JobScore, for example, sends a daily digest of follow-up tasks you’re due to complete, while RecruiterBox lets you customize the type of reminders you want to receive for each candidate. If you don’t hire many candidates, you could even set alerts through the calendar app on your smartphone. 

7. Stay Active on Sites Like Glassdoor

Love it or hate it, candidates use sites like Glassdoor to make decisions about where to apply and ultimately work. In a study on employee retention, Glassdoor found that 74% of its users read at least four reviews on a company before forming an opinion about it.

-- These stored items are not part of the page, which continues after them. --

Definition irreducibleb (v : vtx D) : bool :=
  [forall h, forall h', (vof h == v) ==> (vof h' == v) ==> (rof h == rof h') ==> (h == h')].

Lemma irreducibleP v : reflect (irreducible v) (irreducibleb v).
Proof.
apply: (iffP forallP) => [irr h h' hv h'v hh'|irr h].
  by have /forallP/(_ h') := irr h; rewrite hv h'v hh' !eqxx => /eqP.
apply/forallP => h'; apply/implyP => /eqP hv; apply/implyP => /eqP h'v.
by apply/implyP => /eqP hh'; apply/eqP; apply: irr.
Qed.

Lemma reducible_corner v :
  ~~ irreducibleb v -> exists2 g, vof g = v & rof g = rof (s (s g)).
Proof.
case/forallPn => h /forallPn[h']; rewrite !negb_imply => /and4P[/eqP hv /eqP h'v /eqP hh' hh'n].
have : vof h' = vof h by rewrite hv h'v.
case/darts_at => h'E; rewrite {}h'E in hh' hh'n.
- by rewrite eqxx in hh'n.
- by move: (rof_sigma_neq h); rewrite hh' eqxx.
- by exists h.
- by move: (rof_sigma_neq (s (s (s h)))); rewrite sigma4 hh' eqxx.
Qed.

Lemma corner_reducible g : rof g = rof (s (s g)) -> ~~ irreducibleb (vof g).
Proof.
move=> gr; apply/irreducibleP => irr.
have gE : g = s (s g) by apply: irr gr; rewrite ?vof_sigma.
by move: (sigma2_neq g); rewrite -gE eqxx.
Qed.

(* At a crossing g with rof g = rof (s (s g)), splitting at g and s^2 g
   separates the diagram into two sides. *)
Definition side (g : dart D) : {set dart D} :=
  [set z | connect (map_rel (split_sigma g (s (s g))) a) (s g) z].

Lemma side_alpha g z : (a z \in side g) = (z \in side g).
Proof. by rewrite !inE connect_map_rel_alpha. Qed.

Lemma side_sigma g z : vof z != vof g -> (s z \in side g) = (z \in side g).
Proof.
move=> zg; have gv : vof g = vof (s (s g)) by rewrite !vof_sigma.
by rewrite !inE -[s z](split_sigma_off gv zg) connect_map_rel_perm.
Qed.

Lemma side_vertex g e f : vof e != vof g -> vof f = vof e ->
  (f \in side g) = (e \in side g).
Proof.
move=> eg; have e1 : vof (s e) != vof g by rewrite vof_sigma.
have e2 : vof (s (s e)) != vof g by rewrite !vof_sigma.
by case/darts_at=> ->; rewrite ?(side_sigma e2) ?(side_sigma e1) ?(side_sigma eg).
Qed.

This means third-party channels like Glassdoor deserve your attention as a means to nurture candidates. 

Regularly read and respond to your company’s positive and negative reviews on employer review sites. Doing this helps you stay in the driver’s seat about your employer brand and take an active role in what future candidates see when they scroll through your feedback. 

It pays to engage with candidates who use employer review sites and not just to benefit your brand. Those candidates may be more likely to stick around for the long haul. The study we mentioned above found that companies saw 30% more retention when they hired talent that applied through Glassdoor over other platforms.

8. Host industry events

Industry events are a great forum for networking amidst a highly niche group of individuals. When you organize and run the event yourself, you enjoy the added benefit of gaining access to the contact information of dozens or even hundreds of attendees who are likely to be interested in your work. 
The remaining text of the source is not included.